Lemma cross_bound :
  \sum_(x in N) \sum_(b in N) (e x (s b))%:R * (y x * y b)
    <= (e v (s v))%:R + \sum_(x in N | x != v) cross x * y x ^+ 2.
Proof.
(* The only cross edge at v that carries weight is v ~ v'. *)
pose y' x := if x == v then 0 else y x.
have split_v x b : x \in N -> b \in N -> (e x (s b))%:R * (y x * y b) =
    ((x == v) && (b == v))%:R * (e v (s v))%:R + (e x (s b))%:R * (y' x * y' b).
  move=> xN bN; rewrite /y'; case: (eqVneq x v) => [->|xv]; case: (eqVneq b v) => [->|bv] /=.
  - by rewrite y_v !mulr0 addr0 !mulr1 mul1r.
  - case evb: (e v (s b)); last by rewrite !mul0r add0r.
    by rewrite (y_sigma_nbr bv evb) !mulr0 mul0r add0r.
  - rewrite (hom_involution_swap esym sK s_hom).
    case exv: (e v (s x)); last by rewrite !mul0r add0r.
    by rewrite (y_sigma_nbr xv exv) !mul0r add0r.
  - by rewrite mul0r add0r.
rewrite (eq_bigr _ (fun x xN => eq_bigr _ (fun b bN => split_v x b xN bN))).
rewrite (eq_bigr _ (fun x _ => big_split _ _ _ _ _)) big_split /=.
rewrite (sum_delta2 (fun _ _ => (e v (s v))%:R)) //.
rewrite lerD2l; apply: le_trans (sum_sym_form_le _ _ _ _) _.
- by move=> x b; rewrite (hom_involution_swap esym sK s_hom).
- by move=> x b; exact: ler0n.
rewrite (bigD1 v) //= {1}/y' eqxx expr0n mulr0 add0r.
by apply: ler_sum => x /andP[_ /negbTE xv]; rewrite /y' xv.
Qed.

Let deg_excessE x : (deg_in e (N :|: s @: N) x)%:R - 1 = (nbr x - 1) + cross x :> R.
Proof. by rewrite deg_in_involution // addrAC. Qed.

Let nbr_excess_ge0 x : x \in N -> x != v -> 0 <= (nbr x - 1) * y x ^+ 2.
Proof.
move=> xN xv; have [->|yx] := eqVneq (y x) 0; first by rewrite expr2 !mulr0.
by rewrite mulr_ge0 ?sqr_ge0 // subr_ge0 nbr_ge1.
Qed.

Lemma deg_excess_ge0 :
  0 <= \sum_(x in N | x != v) ((deg_in e (N :|: s @: N) x)%:R - 1) * y x ^+ 2.
Proof.
apply: sumr_ge0 => x /andP[xN xv]; rewrite deg_excessE mulrDl.
by rewrite addr_ge0 ?nbr_excess_ge0 // mulr_ge0 ?sqr_ge0 ?sumr_ge0 // => b _; rewrite ler0n.
Qed.

Let den_gt0 : 0 < \sum_(x in N) y x ^+ 2.
Proof.
by rewrite (bigD1 v) //= y_v expr1n ltr_wpDr ?sumr_ge0 // => x _; rewrite sqr_ge0.
Qed.

Lemma lambda2_bound_le : lambda2_bound e s N v y Q <= Q.
Proof.
by rewrite lerBlDr lerDl divr_ge0 ?addr_ge0 ?deg_excess_ge0 ?sumr_ge0 // => x _;
  rewrite sqr_ge0.
Qed.

Lemma lambda2_bound_mul_le :
  lambda2_bound e s N v y Q * \sum_(x in N) y x ^+ 2 <=
    \sum_(x in N) \sum_(b in N) ((e x b)%:R - (e x (s b))%:R) * (y x * y b) + Q * y v ^+ 2.
Proof.
rewrite /lambda2_bound; set K := \sum_(x in N | x != v) _; set den := \sum_(x in N) y x ^+ 2.
have denE : den = 1 + \sum_(x in N | x != v) y x ^+ 2.
  by rewrite /den (bigD1 v) //= y_v expr1n.
have KE : K = \sum_(x in N | x != v) (nbr x - 1) * y x ^+ 2
              + \sum_(x in N | x != v) cross x * y x ^+ 2.
  by rewrite -big_split; apply: eq_bigr => x _; rewrite deg_excessE mulrDl.
have nbr_excess : 0 <= \sum_(x in N | x != v) (nbr x - 1) * y x ^+ 2.
  by apply: sumr_ge0 => x /andP[xN xv]; exact: nbr_excess_ge0.
have -> : \sum_(x in N) \sum_(b in N) ((e x b)%:R - (e x (s b))%:R) * (y x * y b) =
    \sum_(x in N) \sum_(b in N) (e x b)%:R * (y x * y b)
    - \sum_(x in N) \sum_(b in N) (e x (s b))%:R * (y x * y b).
  rewrite -sumrB; apply: eq_bigr => x _.
  by rewrite -sumrB; apply: eq_bigr => b _; rewrite mulrBl.
have evv : (e v (s v))%:R <= 1 :> R by rewrite lern1 leq_b1.
have := parent_bound; have := cross_bound.
rewrite mulrBl divfK ?gt_eqF // y_v expr1n mulr1 denE KE.
move: nbr_excess evv; rewrite mulrDr mulr1; lra.
Qed.

End TestVector.

(** * The Hamiltonian *)

Section Hamiltonian.
Variables (R : numDomainType) (n : nat) (e : rel 'I_n) (s : 'I_n -> 'I_n).
Variables (v : 'I_n) (Q : R) (N : {set 'I_n}).
Hypotheses (esym : symmetric e) (eirr : irreflexive e) (sK : involutive s).
Hypotheses (s_hom : forall a b, e a b -> e (s a) (s b)) (sv : s v != v).
Hypotheses (sN : forall x, x \in N -> s x \notin N) (vN : v \in N).
Local Notation H := (Hmx e s v Q).

Lemma Hmx_entry i j :
  H i j = (e i j)%:R + ((i == j) && ((i == v) || (i == s v)))%:R * Q.
Proof. by rewrite !mxE. Qed.

Lemma Hmx_tr : H^T = H.
Proof.
by apply/matrixP => i j; rewrite mxE !Hmx_entry esym; case: (eqVneq i j) => [->|].
Qed.

Lemma Hmx_sigma i j : H (s i) (s j) = H i j.
Proof.
have s_inj : injective s := inv_inj sK.
rewrite !Hmx_entry (inj_eq s_inj) -[s i == v](inj_eq s_inj) sK (inj_eq s_inj) orbC.
by have -> : e (s i) (s j) = e i j by apply/idP/idP => [/s_hom|/s_hom //]; rewrite !sK.
Qed.

Lemma Hmx_odd_form f :
  (odd_ext s N f *m H *m (odd_ext s N f)^T) 0 0 =
    (\sum_(x in N) \sum_(b in N) ((e x b)%:R - (e x (s b))%:R) * (f x * f b)
     + Q * f v ^+ 2) *+ 2.
Proof.
rewrite form_odd_ext //; last exact: Hmx_sigma.
have Hdiff x b : x \in N -> b \in N -> H x b - H x (s b) =
    ((e x b)%:R - (e x (s b))%:R) + ((x == v) && (b == v))%:R * Q.
  move=> xN bN; have xs c : c \in N -> (x == s c) = false.
    by move=> cN; apply: contraNF (sN cN) => /eqP <-.
  rewrite !Hmx_entry (xs v) // (xs b) // !orbF andFb mul0r addr0 addrAC.
  by case: (eqVneq x v) => [->|]; rewrite ?andbF // andbT eq_sym.
congr (_ *+ 2).
under eq_bigr => x xN do under eq_bigr => b bN do rewrite Hdiff // mulrDl -mulrA.
rewrite (eq_bigr _ (fun x _ => big_split _ _ _ _ _)) big_split /=.
by rewrite (sum_delta2 (fun x b => Q * (f x * f b))) // expr2.
Qed.

Lemma Hmx_pair_form :
  (pair_row R v (s v) *m H *m (pair_row R v (s v))^T) 0 0 = (Q + (e v (s v))%:R) *+ 2.
Proof.
rewrite form_pair_row 1?eq_sym // !Hmx_entry !eqxx orbT (negbTE sv) eq_sym (negbTE sv).
by rewrite !eirr esym /=; ring.
Qed.

End Hamiltonian.

(** * Two test vectors bound the second eigenvalue *)

Lemma eig_desc1_ge (R : realDomainType) (s : seq R) (c : R) :
  (1 < count (fun a : R => (c <= a)%R) s)%N -> c <= eig_desc s 1.
Proof.
rewrite /eig_desc -(permP (permEl (perm_sort (fun a b : R => b <= a) s))).
have : sorted (fun a b : R => b <= a) (sort (fun a b : R => b <= a) s).
  by apply: sort_sorted => a b; exact: le_total.
case: sort => [|a [|b t]] //=; first by case: (c <= a).
have ge_trans : transitive (fun a b : R => b <= a).
  by move=> y x z xy yz; exact: le_trans yz xy.
case/andP=> _ /(order_path_min ge_trans) tb.
apply: contraTT; rewrite -ltNge => bc.
have -> : count (fun a : R => (c <= a)%R) t = 0%N.
  rewrite -(count_pred0 t); apply: eq_in_count => x /(allP tb) xb /=.
  by apply/negbTE; rewrite -ltNge (le_lt_trans xb bc).
by rewrite (leNgt c b) bc; case: (c <= a)%R.
Qed.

════════════════════

* **WHAT IS BEING ASKED**
All lines of the records containing "sumrB" should be shown.

* **OUTPUT FOR THIS EXERCISE**
  rewrite -sumrB; apply: eq_bigr => x _.
  by rewrite -sumrB; apply: eq_bigr => b _; rewrite mulrBl.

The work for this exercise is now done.